/malsource

The malsource dataset

The Malsource Dataset

Description

This repository contains the dataset described in the paper:

  • A. Calleja, J. Tapiador, and J. Caballero. "The MalSource Dataset: Quantifying Complexity and Code Reuse in Malware Development." IEEE Transactions on Information Forensics and Security, Vol 14, No. 12, pp. 3175-3190, 2018. [pdf]

    Abstract

    In this paper, we analyze the evolution of malware from 1975 to date from a software engineering perspective. We analyze the source code of 456 samples from 428 unique families and obtain measures of their size, code quality, and estimates of the development costs (effort, time, and number of people). Our results suggest an exponential increment of nearly one order of magnitude per decade in aspects such as size and estimated effort, with code quality metrics similar to those of benign software. We also study the extent to which code reuse is present in our dataset. We detect a significant number of code clones across malware families and report which features and functionalities are more commonly shared.

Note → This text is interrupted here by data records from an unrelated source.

(* Let $X$ be a space possessing a binary normal closed subbase $\mathcal S$. Then every $\mathcal S$-convex $\mathcal S$-open continuous surjection $f\colon X\to Y$ is invertible: for every space $Z$ and every continuous map $g\colon Z\to Y$ there exists a continuous map $h\colon Z\to X$ with $f\circ h=g$.
   Context: All spaces are Tychonoff and maps continuous. A family $\mathcal S$ of closed subsets of $X$ is a closed subbase if every closed set is an intersection of finite unions of members of $\mathcal S$. A family is linked if any two members intersect; $\mathcal S$ is binary if every linked subfamily has nonempty intersection. $\mathcal S$ is normal if for every disjoint $S_0,S_1\in\mathcal S$ there exist $T_0,T_1\in\mathcal S$ with $S_0\cap T_1=\varnothing=T_0\cap S_1$ and $T_0\cup T_1=X$. For $B\subset X$, $I_{\mathcal S}(B)=\bigcap\{S\in\mathcal S:B\subset S\}$; $B$ is $\mathcal S$-convex if $I_{\mathcal S}(\{x,y\})\subset B$ for all $x,y\in B$. A map $f\colon X\to Y$ is $\mathcal S$-convex if all its fibers $f^{-1}(y)$ are $\mathcal S$-convex, and $\mathcal S$-open if $f(X\setminus S)$ is open in $Y$ for every $S\in\mathcal S$. *)

From mathcomp Require Import all_boot all_order all_algebra.
From mathcomp Require Import all_classical all_reals all_analysis.
From mathcomp Require Import Rstruct Rstruct_topology.
Set Implicit Arguments. Unset Strict Implicit. Unset Printing Implicit Defensive.
Local Open Scope classical_set_scope.

Definition tychonoff_space (T : topologicalType) : Prop :=
  accessible_space T /\
  forall (x : T) (B : set T), closed B -> ~ B x ->
    exists f : T -> Rdefinitions.R,
      continuous f /\ f x = 0%R /\ (forall y, B y -> f y = 1%R).

Definition closed_subbase (T : topologicalType) (S : set (set T)) : Prop :=
  (forall A, S A -> closed A) /\
  forall C : set T, closed C ->
    exists F : set (set T),
      (forall B, F B -> exists s : seq (set T),
           (forall A, A \in s -> S A) /\ B = \big[setU/set0]_(A <- s) A) /\
      C = \bigcap_(B in F) B.

Definition linked_family (T : Type) (L : set (set T)) : Prop :=
  forall A B, L A -> L B -> A `&` B !=set0.

Definition binary_subbase (T : Type) (S : set (set T)) : Prop :=
  forall L, L `<=` S -> linked_family L -> \bigcap_(A in L) A !=set0.

Definition normal_family (T : Type) (S : set (set T)) : Prop :=
  forall S0 S1, S S0 -> S S1 -> S0 `&` S1 = set0 ->
    exists T0 T1, S T0 /\ S T1 /\ S0 `&` T1 = set0 /\ T0 `&` S1 = set0 /\
      T0 `|` T1 = setT.

Definition S_hull (T : Type) (S : set (set T)) (B : set T) : set T :=
  \bigcap_(A in [set A | S A /\ B `<=` A]) A.

Definition S_convex (T : Type) (S : set (set T)) (B : set T) : Prop :=
  forall x y, B x -> B y -> S_hull S [set x; y] `<=` B.

Definition S_convex_map (T U : Type) (S : set (set T)) (f : T -> U) : Prop :=
  forall y : U, S_convex S (f @^-1` [set y]).

Definition S_open_map (T : Type) (U : topologicalType) (S : set (set T))
    (f : T -> U) : Prop :=
  forall A, S A -> open (f @` (~` A)).

Definition invertible_map (X Y : topologicalType) (f : X -> Y) : Prop :=
  forall (Z : topologicalType), tychonoff_space Z ->
    forall g : Z -> Y, continuous g ->
      exists h : Z -> X, continuous h /\ f \o h = g.

From mathcomp Require Import all_boot all_order all_algebra.
From mathcomp Require Import all_classical all_reals all_analysis.
From mathcomp Require Import Rstruct Rstruct_topology lra.
Local Open Scope classical_set_scope.

Set Implicit Arguments. Unset Strict Implicit. Unset Printing Implicit Defensive.

(* A binary closed subbase makes X compact, by an Alexander-type argument on
   ultrafilters.  Given a point x0 and a nonempty closed S-convex set F, the
   members of S that contain x0 and meet F, together with F itself, have
   exactly one common point, the gate of x0 in F: binarity gives existence
   and normality gives uniqueness.  Taking the gate of a fixed x0 in every
   fibre of f yields a section s of f.  S-openness of f shows that s y is the
   only cluster point of s at y, so by compactness s is continuous, and
   h := s \o g lifts g. *)

Lemma setI_eq0_contra (T : Type) (A B : set T) x :
  A `&` B = set0 -> A x -> B x -> False.
Proof. by move=> AB Ax Bx; have : (A `&` B) x by []; rewrite AB. Qed.

Lemma setU_eqT_cases (T : Type) (A B : set T) x :
  A `|` B = setT -> A x \/ B x.
Proof. by move=> AB; have : (A `|` B) x by rewrite AB. Qed.

Lemma tychonoff_hausdorff (T : topologicalType) :
  tychonoff_space T -> hausdorff_space T.
Proof.
move=> [T1 creg] p q clpq; have [//|pq] := pselect (p = q); exfalso.
have [f [cf [fp fq]]] := creg p [set q] (@accessible_closed_set1 _ T1 q) pq.
have half_gt0 : (0 < (1/2 : Rdefinitions.R))%R by lra.
have [t [/= pt qt]] := clpq _ _ (cf p _ (nbhsx_ballx (f p) _ half_gt0))
                              (cf q _ (nbhsx_ballx (f q) _ half_gt0)).
move: pt qt; rewrite /ball /= fp (fq q erefl).
move=> /Num.Theory.ltr_normlP [lt1 _] /Num.Theory.ltr_normlP [_ lt2].
by move: lt1 lt2; generalize (f t) => r; lra.
Qed.

Section BinaryNormalSubbase.
Variables (X : topologicalType) (S : set (set X)).
Hypotheses (X_T1 : accessible_space X) (S_subbase : closed_subbase S)
  (S_binary : binary_subbase S) (S_normal : normal_family S).

Local Notation UU s := (\big[setU/set0]_(A <- s) A).

Lemma bigsetU_seqP (s : seq (set X)) x : UU s x <-> exists2 A, A \in s & A x.
Proof.
elim: s => [|A s IH]; first by rewrite big_nil; split => // -[].
rewrite big_cons; split.
  case=> [Ax|/IH [B Bs Bx]]; first by exists A => //; rewrite inE eqxx.
  by exists B => //; rewrite inE Bs orbT.
case=> B; rewrite inE => /orP [/eqP -> Ax|Bs Bx]; first by left.
by right; apply/IH; exists B.
Qed.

Overall, our results support claims about the increasing complexity of malware and its production progressively becoming an industry.

The dataset

The samples folder contains the 456 samples of malware source code. The zip file is split due to GiHub's file size limit.

The csv folder contains four CSV files with the data used in the measurements. Each CSV is intended for a different set of measurements and there are some redundancies across them.

types.year.csv: It contains the creation/detection year and the type of sample for the 456 projects in the dataset:

  • name: Name of the sample.
  • year: The year when the sample was written or first spotted in the wild.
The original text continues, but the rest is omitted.